Standard regression (least squares)
Huber regression
"Prescient" regression, where we know which measurements had their sign flipped.

Note that the "prescient" approach should be equivalent to "no-flip" case ($p=0$), since knowing the flipped measurements implies that we can re-flip those to recover the original unflipped signals.
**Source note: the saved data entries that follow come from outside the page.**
(* Let $R$ be as in the standing setup. Then $a_j\ge b_j$ for all $j=0,\ldots,e-1$.
   Context: Standing setup: $k$ is a field and $R$ is a complete local domain with $k\subseteq R\subseteq k[[t]]$, residue field $k$, maximal ideal $m$, and nonzero conductor $(R:k[[t]])\neq 0$. Let $v$ be the $t$-adic valuation, $S=v(R)=\{v(r): r\in R, r\neq 0\}$, $e$ the smallest positive element of $S$, and $w_j$ the smallest element of $S$ congruent to $j\pmod e$. For a nonzero ideal $I$, $v(I)=\{v(a): a\in I, a\ne0\}$; $m^0=R$. Set $b_j=\max\{i: w_j\in v(m^i)\}$. Let $R'=\bigcup_{n\ge0}(m^n:m^n)$ be the blowup (first neighborhood ring) of $R$, a subring of $k[[t]]$; let $w'_j$ be the smallest element of $v(R')$ congruent to $j\pmod e$, and define $a_j$ by $w'_j=w_j-a_je$. *)

(* Formal power series k[[t]] are modelled as coefficient
   functions nat -> k with the Cauchy product. *)
From HB Require Import structures.
From mathcomp Require Import all_boot all_order all_algebra.
Set Implicit Arguments. Unset Strict Implicit. Unset Printing Implicit Defensive.
Import GRing.Theory.

Local Open Scope ring_scope.

Definition ps (k : fieldType) := nat -> k.
Definition pconst (k : fieldType) (c : k) : ps k :=
  fun n => if n is 0%N then c else 0.
Definition padd (k : fieldType) (f g : ps k) : ps k := fun n => f n + g n.
Definition popp (k : fieldType) (f : ps k) : ps k := fun n => - f n.
Definition pmul (k : fieldType) (f g : ps k) : ps k :=
  fun n => \sum_(i < n.+1) f i * g (n - i)%N.

Definition is_subring (k : fieldType) (R : ps k -> Prop) : Prop :=
  [/\ (forall c : k, R (pconst c)),
      (forall f g, R f -> R g -> R (padd f g)),
      (forall f, R f -> R (popp f)) &
      (forall f g, R f -> R g -> R (pmul f g))].
Lemma reach_in_split E X Y a b :
  reach_in E Y a b -> ~~ reach_in E X a b ->
  exists2 v, v \in X & reach_in E Y a v && reach_in E Y v b.
Proof.
case/reach_inP=> p /andP[pE pY] <- abX.
have /hasP[v vp vX] : has (mem X) (a :: p).
  by apply: contraNT abX => pX; apply/reach_inP; exists p; rewrite ?pE.
by exists v; last exact: reach_in_mem_path.
Qed.

Lemma reach_in_closed E Y R a b :
  a \in R -> (forall r v, r \in R -> v \notin Y -> E r v -> v \in R) ->
  reach_in E Y a b -> b \in R.
Proof.
move=> aR closedR /andP[_ /connectP[p + ->]].
elim: p a aR => [|c p IH] a aR //= /andP[/and3P[_ cY ac]].
exact/IH/(closedR a).
Qed.

Lemma connect_del_rel_notin E Z x y :
  connect (del_rel E Z) x y -> (x \notin Z) = (y \notin Z).
Proof.
case/connectP=> -[|c p] pZ -> //.
have xZ : x \notin Z by case/andP: pZ => /and3P[].
rewrite xZ (@reach_in_end E Z x) //; rewrite /reach_in xZ.
by apply/connectP; exists (c :: p).
Qed.

Lemma reach_in_rev E Z a b : reach_in (rev_rel E) Z a b = reach_in E Z b a.
Proof.
have revE : connect (del_rel (rev_rel E) Z) a b = connect (del_rel E Z) b a.
  have := connect_rev (del_rel E Z) a b; rewrite /= => <-.
  by apply: eq_connect => x y; rewrite /del_rel /rev_rel andbCA.
rewrite /reach_in revE; case ba: (connect _ b a); rewrite ?andbF //.
by rewrite (connect_del_rel_notin ba).
Qed.

Lemma hits_all_pathsP E X A B :
  hits_all_paths E X A B <->
  (forall a b, a \in A -> b \in B -> ~~ reach_in E X a b).
Proof.
split=> [hitX a b aA bB | sepX x p xA pE pB].
  by apply/reach_inP=> -[p /andP[pE pX] pb]; rewrite -pb in bB; case/negP: pX; apply: hitX.
by apply: contraR (sepX _ _ xA pB) => pX; apply/reach_inP; exists p; rewrite ?pE.
Qed.

Lemma hits_all_paths_transfer E X Y A B :
  hits_all_paths E X A B ->
  (forall a v b, a \in A -> v \in X -> b \in B ->
     ~~ (reach_in E Y a v && reach_in E Y v b)) ->
  hits_all_paths E Y A B.
Proof.
move=> /hits_all_pathsP sepX noXAB; apply/hits_all_pathsP => a b aA bB.
apply/negP => ab; have [v vX avb] := reach_in_split ab (sepX a b aA bB).
by case/negP: (noXAB a v b aA vX bB).
Qed.

End Reachability.

Section StrongComponents.
Variable V : finType.
Implicit Types (E : rel V) (C K W X Y Z : {set V}).

Lemma strong_component_closed E Y K x y z :
  strong_component E Y K -> x \in K -> y \in K ->
  reach_in E Y x z -> reach_in E Y z y -> z \in K.
Proof.
case=> _ KY Kr Kmax xK yK xz zy.
suff <- : z |: K = K by rewrite setU11.
apply: Kmax; first exact: subsetUr.
  by rewrite subUset sub1set inE (reach_in_end xz).
move=> s t; rewrite !inE => /predU1P[-> | sK] /predU1P[-> | tK].
- exact/reach_in_refl/(reach_in_end xz).
- exact: reach_in_trans zy (Kr _ _ yK tK).
- exact: reach_in_trans (Kr _ _ sK xK) xz.
- exact: Kr.
Qed.

Lemma strong_component_reach_within E Y K x y :
  strong_component E Y K -> x \in K -> y \in K -> reach_in E (~: K) x y.
Proof.
move=> HK xK yK; have [_ _ Kr _] := HK.
case/reach_inP: (Kr x y xK yK) => p /andP[pE pY] py.
apply/reach_inP; exists p => //; rewrite pE; apply/hasPn => z zp /=.
have /andP[xz zy] := reach_in_mem_path pE pY zp.
by rewrite inE negbK (strong_component_closed HK xK yK xz) -?py.
Qed.

Lemma strong_component_extend E Y Z K :
  strong_component E Y K -> K \subset ~: Z ->
  exists2 K', strong_component E Z K' & K \subset K'.
Proof.
move=> HK KZ; have [/set0Pn[x xK] _ _ _] := HK.
have Kr s t : s \in K -> t \in K -> reach_in E Z s t.
  move=> sK tK; apply: reach_in_subset (strong_component_reach_within HK sK tK).
  by rewrite subsetC.
exists [set y | reach_in E Z x y && reach_in E Z y x].
  split.
  - by apply/set0Pn; exists x; rewrite inE !Kr.
  - by apply/subsetP => y; rewrite !inE => /andP[/reach_in_end].
  - by move=> s t; rewrite !inE => /andP[_ sx] /andP[xt _]; exact: reach_in_trans sx xt.
  - move=> K' sub K'Z K'r; apply/eqP; rewrite eqEsubset sub andbT.
    have xK' : x \in K' by apply: (subsetP sub); rewrite inE !Kr.
    by apply/subsetP => y yK'; rewrite inE !K'r.
by apply/subsetP => y yK; rewrite inE !Kr.
Qed.

Lemma contains_sub_subset E C C' (H : digraph) :
  C \subset C' -> contains_sub E C H -> contains_sub E C' H.
Proof. by move=> /subsetP CC' [f [f_inj fC fE]]; exists f; split=> // x; apply/CC'. Qed.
So the perfornance of the "prescient" approaches with different $p$'s should be identical for all $p$'s.

We generate $50$ problem instances, with $p$ varying from $0$ to $0.15$, and plot the relative error in reconstructing $\theta^\text{true}$ for the three approaches.

In [3]:

np.random.seed(7030)
d = 300
n = int(1.5*d)
theta_true = np.random.randn(d)
b_true = np.random.randn()
X = np.random.randn(n,d)
v = 1*np.random.randn(n)
onev = np.ones(n)

In [4]:

y_clean = X.dot(theta_true)
y_corrupted = y_clean + v
p = 0.08
factor = 2*np.random.binomial(1, 1-p, size=(n,)) - 1
y_flipped = factor*y_corrupted

plt.figure(figsize=(14,8), dpi=100)
plt.plot(y_clean, alpha=0.8, label='clean')
plt.plot(y_corrupted, alpha=0.8, label='corrupted')
plt.plot(y_flipped, alpha=0.8, label='8% flipped')
plt.legend(), plt.grid()
plt.show()

In [7]:

import cvxpy as cp

TESTS = 100
lsq_data = np.zeros(TESTS)
huber_data = np.zeros(TESTS)
prescient_data = np.zeros(TESTS)
p_vals = np.linspace(0, 0.15, TESTS)

for idx, p in enumerate(p_vals):
  print (idx, end=' ')
  if idx%20==19:
    print ()
  # Generate the sign changes.
  factor = 2*np.random.binomial(1, 1-p, size=(n,)) - 1
  y = factor*(X.dot(theta_true)+onev*b_true + v)
    
  # Form and solve a standard regression problem.
  theta = cp.Variable(d)
  b = cp.Variable()
  fit = cp.norm(theta - theta_true)/cp.norm(theta_true)
  cost = cp.norm(X@theta + onev*b - y)
  prob = cp.Problem(cp.Minimize(cost))
  prob.solve()
  lsq_data[idx] = fit.value
    
  # Form and solve a prescient regression problem,
  # i.e., where the sign changes are known.
  cost = cp.norm(cp.multiply(factor, X@theta + onev*b) - y)
  prob = cp.Problem(cp.Minimize(cost))
  prob.solve()
  prescient_data[idx] = fit.value
    
  # Form and solve the Huber regression problem.
  cost = cp.sum(cp.huber(X@theta + onev*b - y, 1))
  prob = cp.Problem(cp.Minimize(cost))
  prob.solve()
  huber_data[idx] = fit.value

0 1 2 3 4 5 6 7 8 9 10 11 12 13 14 15 16 17 18 19 
20 21 22 23 24 25 26 27 28 29 30 31 32 33 34 35 36 37 38 39 
40 41 42 43 44 45 46 47 48 49 50 51 52 53 54 55 56 57 58 59 
60 61 62 63 64 65 66 67 68 69 70 71 72 73 74 75 76 77 78 79 
80 81 82 83 84 85 86 87 88 89 90 91 92 93 94 95 96 97 98 99

In [8]:

plt.figure(figsize=(14,8), dpi=100)
plt.plot(p_vals, lsq_data, label='Least squares')
plt.plot(p_vals, huber_data, label='Huber')
plt.plot(p_vals, prescient_data, label='Prescient')
plt.ylabel(r'$||\theta - \theta^\mathrm{true} ||_2/ ||\theta^\mathrm{true} ||_2$')
plt.xlabel('p')
plt.grid()
plt.legend()
plt.show()

Notice that in the range $p \in [0,0.06]$, Huber regression almost matches prescient regression. Standard regression, by contrast, fails even for very small $p$.